Friday 19 January 2018

Tiny religion of the ‘Peacock Angel’ faces extinction

Displaced families from the minority Yazidi sect, fleeing the violence, walk on the outskirts of Sinjar, west of Mosul
Displaced families from the minority Yazidi sect, fleeing the violence, walk on the outskirts of Sinjar, west of Mosul

Richard Spencer and Justin Huggler

THE followers of the Peacock Angel believe they are facing their 73rd genocide. Many are already scattered across the corners of the earth, more are fleeing for their lives from their latest persecutors, and some are dying of thirst on a scorching desert mountainside.

The Yazidis have run out of places to call home.

It is not often you can record the moment when an ancient religion’s home is finally wiped out. It is like the death of the last speaker of some rare language. But this week might mark that moment for the Yazidis, one of the most colourful bands of worshippers in the Middle East, a region not lacking in colourful worshippers.

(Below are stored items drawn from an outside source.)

Definition sep_le {P : PO} (p q : P) :=
  forall r, ple r p -> exists s, ple s r /\ ple s q.
Definition sep_equiv {P : PO} (p q : P) := sep_le p q /\ sep_le q p.
Definition sq (P : PO) : PO :=
  mkPO {C : P -> Prop | exists p, C = sep_equiv p}
    (fun C C' => exists p q, proj1_sig C p /\ proj1_sig C' q /\ sep_le p q).

(** P_kappa = (P(kappa)/[kappa]^{<kappa})^+ *)
Definition small (K : LO) (S : K -> Prop) :=
  ~ exists f : K -> {x | S x}, forall a b, f a = f b -> a = b.
Definition symdiff (K : LO) (A B : K -> Prop) :=
  fun x => (A x /\ ~ B x) \/ (B x /\ ~ A x).
Definition Pkappa (K : LO) : PO :=
  mkPO {C : (K -> Prop) -> Prop |
          exists A, ~ small K A /\ C = (fun B => small K (symdiff K A B))}
    (fun C C' => exists A B, proj1_sig C A /\ proj1_sig C' B /\
        small K (fun x => A x /\ ~ B x)).

From Stdlib Require Import List Wellfounded Wf_nat PeanoNat Lia.
From Stdlib Require Import Classical ClassicalEpsilon FunctionalExtensionality.

(* Write W = omega^D as the ordered sum of the blocks omega^(Dx x), x < K, and let [block w]
   be the index of the block containing w.  Since cf W = K, a subset of K is small iff it is
   bounded.  For unbounded A, the elements of W lying in blocks indexed by A contain a copy of W:
   enumerate A increasingly by b and stretch each block x into block b x, which is possible
   since Dx x <= Dx (b x).  Sending A to the class of this set is the complete embedding.  Order
   and incompatibility are preserved because a copy of W meets blocks of unboundedly large
   index, so its final segments avoid any bounded set of blocks.  For density, an embedding of
   W into a given copy Y sends a tail of each block x into a single block t x: as
   cf(omega^(Dx x)) >= K, the block indices cannot increase K times while staying below the
   image of the next block.  Any condition below the class of the range of t then meets Y in a
   copy assembled from these block tails. *)

Lemma proj1_sig_inj {A : Type} {P : A -> Prop} (u v : {a | P a}) :
  proj1_sig u = proj1_sig v -> u = v.
Proof. apply eq_sig_hprop. intros; apply proof_irrelevance. Qed.

Section WellOrder.
Context {X : LO} (HX : is_wellorder X).

Lemma wo_irrefl (x : X) : ~ lt x x. Proof. apply HX. Qed.
Lemma wo_trans (x y z : X) : lt x y -> lt y z -> lt x z. Proof. apply HX. Qed.
Lemma wo_total (x y : X) : lt x y \/ x = y \/ lt y x. Proof. apply HX. Qed.
Lemma wo_wf : well_founded (@lt X). Proof. apply HX. Qed.

Lemma wo_asym (x y : X) : lt x y -> lt y x -> False.
Proof. intros H1 H2. exact (wo_irrefl x (wo_trans _ _ _ H1 H2)). Qed.

Lemma wo_lt_le_trans (x y z : X) : lt x y -> le y z -> lt x z.
Proof. intros H [H' | <-]; [eapply wo_trans; eauto | auto]. Qed.

Lemma wo_le_lt_trans (x y z : X) : le x y -> lt y z -> lt x z.
Proof. intros [H | ->] H'; [eapply wo_trans; eauto | auto]. Qed.

Lemma wo_le_trans (x y z : X) : le x y -> le y z -> le x z.
Proof. intros [H | ->] H'; [left; eapply wo_lt_le_trans; eauto | auto]. Qed.

Lemma wo_not_lt (x y : X) : ~ lt x y -> le y x.
Proof. intros H. destruct (wo_total x y) as [? | [-> | ?]]; [tauto | right | left]; auto. Qed.

Lemma wo_not_le (x y : X) : ~ le x y -> lt y x.
Proof.
  intros H. destruct (wo_total x y) as [? | [-> | ?]]; auto; exfalso; apply H; [left | right]; auto.
Qed.

Lemma wo_le_not_lt (x y : X) : le x y -> ~ lt y x.
Proof. intros H H'. apply (wo_irrefl x). eapply wo_le_lt_trans; eauto. Qed.

Lemma wo_le_antisym (x y : X) : le x y -> le y x -> x = y.
Proof. intros [H | H] H'; auto. exfalso; eapply wo_le_not_lt; eauto. Qed.

Lemma strict_mono_ge_id (h : X -> X) : strict_mono h -> forall x, le x (h x).
Proof.
  intros Hh x. induction x as [x IH] using (well_founded_ind wo_wf).
  apply wo_not_lt. intros Hlt. exact (wo_le_not_lt _ _ (IH _ Hlt) (Hh _ _ Hlt)).
Qed.

Lemma wo_least_exists (P : X -> Prop) :
  (exists x, P x) -> exists m, P m /\ forall y, P y -> le m y.
Proof.
  intros [x Hx]. revert Hx. induction x as [x IH] using (well_founded_ind wo_wf). intros Hx.
  destruct (classic (exists y, P y /\ lt y x)) as [[y [Hy Hyx]] | Hn].
  - exact (IH y Hyx Hy).
  - exists x. split; auto. intros y Hy. apply wo_not_lt. intro. apply Hn; eauto.
Qed.

Lemma wo_finite_max (l : list X) (P : X -> Prop) :
  (forall x, P x -> In x l) -> (exists x, P x) -> exists m, P m /\ forall x, P x -> le x m.
Proof.
  revert P; induction l as [| a l IH]; intros P Hl [x Hx].
  - destruct (Hl x Hx).
  - destruct (classic (exists y, P y /\ y <> a)) as [Hy | Hn].
    + destruct (IH (fun y => P y /\ y <> a)) as [m [[Hm _] Hmax]].
      { intros y [Py Hya]. destruct (Hl y Py); [congruence | auto]. }
      { exact Hy. }
      destruct (classic (P a /\ lt m a)) as [[Pa Hma] | Ha].
      * exists a. split; auto. intros y Py. destruct (classic (y = a)) as [-> | Hya]; [now right |].
        left. apply (wo_le_lt_trans _ m); auto.
      * exists m. split; auto. intros y Py. destruct (classic (y = a)) as [-> | Hya]; auto.
        apply wo_not_lt. tauto.
    + exists x. split; auto. intros y Py.
      assert (x = a) by (apply NNPP; intro; apply Hn; eauto).
      assert (y = a) by (apply NNPP; intro; apply Hn; eauto). subst. now right.
Qed.

(* A total choice of least element; the default [d] is returned when [P] is empty. *)
Definition wo_least (P : X -> Prop) (d : X) : X :=
  match excluded_middle_informative (exists m, P m /\ forall y, P y -> le m y) with
  | left H => proj1_sig (constructive_indefinite_description _ H)
  | right _ => d
  end.

Lemma wo_least_spec P d :
  (exists x, P x) -> P (wo_least P d) /\ forall y, P y -> le (wo_least P d) y.
Proof.
  intros H. unfold wo_least. destruct excluded_middle_informative as [H' | H'].
  - destruct constructive_indefinite_description; simpl; auto.
  - exfalso; apply H', wo_least_exists, H.
Qed.
End WellOrder.

Section StrictMono.
Context {A B : LO} (HA : is_wellorder A) (HB : is_wellorder B) (f : A -> B) (Hf : strict_mono f).

Lemma strict_mono_reflect x y : lt (f x) (f y) -> lt x y.
Proof.
  intros H. destruct (wo_total HA x y) as [? | [-> | Hl]]; auto; exfalso.
  - exact (wo_irrefl HB _ H).
  - exact (wo_asym HB _ _ H (Hf _ _ Hl)).
Qed.

Lemma strict_mono_inj x y : f x = f y -> x = y.
Proof.
  intros H. destruct (wo_total HA x y) as [Hl | [-> | Hl]]; auto; apply Hf in Hl;
    rewrite H in Hl; exfalso; exact (wo_irrefl HB _ Hl).
Qed.
End StrictMono.

Lemma strict_mono_le {A B : LO} (f : A -> B) :
  strict_mono f -> forall x y, le x y -> le (f x) (f y).
Proof. intros Hf x y [H | ->]; [left; auto | right; auto]. Qed.

Lemma wellorder_pullback (X : LO) (Y : Type) (g : Y -> X) :
  is_wellorder X -> (forall y y', g y = g y' -> y = y') ->
  is_wellorder (mkLO Y (fun y y' => lt (g y) (g y'))).
Proof.
  intros HX Hg. split; [| split; [| split]]; simpl.
  - intros y. apply (wo_irrefl HX).
  - intros y1 y2 y3. apply (wo_trans HX).
  - intros y y'. destruct (wo_total HX (g y) (g y')) as [? | [e | ?]]; auto.
  - apply (wf_inverse_image _ _ (@lt X) g), HX.
Qed.

Lemma subLO_wellorder (X : LO) (Z : X -> Prop) : is_wellorder X -> is_wellorder (subLO X Z).
Proof. intros HX. apply (wellorder_pullback X _ (@proj1_sig _ _) HX), proj1_sig_inj. Qed.

Lemma ord_iso_sub_enum (X : LO) (Z : X -> Prop) :
  ord_iso (subLO X Z) X -> exists b : X -> X, strict_mono b /\ forall x, Z (b x).
Proof.
  intros [f [[g [_ Hfg]] Hiff]]. exists (fun x => proj1_sig (g x)). split.
  - intros x y H. change (lt (g x) (g y)). apply Hiff. now rewrite !Hfg.
  - intros x. exact (proj2_sig (g x)).
Qed.

Section OmegaPow.
Context {D : LO} (HD : is_wellorder D).
Notation W := (omega_pow D).

Lemma omega_pow_ext (f g : W) : (forall d, proj1_sig f d = proj1_sig g d) -> f = g.
Proof. intros H. apply proj1_sig_inj, functional_extensionality, H. Qed.

Lemma omega_pow_top (f : W) : (exists d, proj1_sig f d <> 0) ->
  exists m, proj1_sig f m <> 0 /\ forall d, proj1_sig f d <> 0 -> le d m.
Proof. destruct f as [f [l Hl]]; simpl. apply (wo_finite_max HD l); auto. Qed.

Lemma omega_pow_irrefl (f : W) : ~ lt f f.
Proof. intros [d [H _]]. lia. Qed.

Lemma omega_pow_trans (f g h : W) : lt f g -> lt g h -> lt f h.
Proof.
  intros [d1 [H1 E1]] [d2 [H2 E2]].
  destruct (wo_total HD d1 d2) as [Hl | [<- | Hl]].
  - exists d2. rewrite E1 by exact Hl. split; auto.
    intros e He. rewrite E1, E2; eauto using wo_trans.
  - exists d1. split; [lia |]. intros e He. rewrite E1, E2; auto.
  - exists d1. rewrite <- E2 by exact Hl. split; auto.
    intros e He. rewrite E1, E2; eauto using wo_trans.
Qed.

Lemma omega_pow_total (f g : W) : lt f g \/ f = g \/ lt g f.
Proof.
  destruct (classic (forall d, proj1_sig f d = proj1_sig g d)) as [He | Hn].
  { right; left. now apply omega_pow_ext. }
  destruct f as [f [lf Hf]], g as [g [lg Hg]]; simpl in *.
  destruct (wo_finite_max HD (lf ++ lg) (fun d => f d <> g d)) as [m [Hm Hmax]].
  - intros d Hd. apply in_or_app.
    destruct (Nat.eq_dec (f d) 0); [right; apply Hg | left; apply Hf]; lia.
  - now apply not_all_ex_not.
  - assert (Habove : forall e, lt m e -> f e = g e).
    { intros e He. apply NNPP. intros Hc. exact (wo_le_not_lt HD _ _ (Hmax e Hc) He). }
    destruct (Nat.lt_gt_cases (f m) (g m)) as [[Hl | Hl] _]; [exact Hm |..].
    + left. exists m. split; auto.
    + right; right. exists m. split; auto. intros e He. symmetry; auto.
Qed.

Definition supp_below (f : W) (d : D) := forall e, proj1_sig f e <> 0 -> lt e d.
Definition supp_le (f : W) (d : D) := forall e, proj1_sig f e <> 0 -> le e d.

Lemma acc_zero (f : W) : (forall e, proj1_sig f e = 0) -> Acc lt f.
Proof. intros H. constructor. intros g [d [Hd _]]. rewrite H in Hd. lia. Qed.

Above all other inhabitants of the fragmented, violent mess that is modern Iraq, they had reason to fear the jihadists of the Islamic State, who term them devil-worshippers. They thought they were safe in the north of the country, where they were protected by Kurdish forces, even when Islamic State’s Toyota truck-mounted warriors came sweeping through Iraq from the south-west.

But then, on Saturday, a second wave attacked and overwhelmed their biggest town, Sinjar, driving them out and into the desert. About 100,000 are thought to have made it to camps and other places of refuge further north, inside the Kurdish Autonomous Region itself. But thousands more – estimates range from 10,000 to 40,000 people – are now surrounded in the fierce July heat of the Iraqi desert, all exit routes cut off.

Some are preparing to stand and fight, others are simply hiding out in caves in the desert hills. Some are already burying their children as they succumb to dehydration and the hostile conditions.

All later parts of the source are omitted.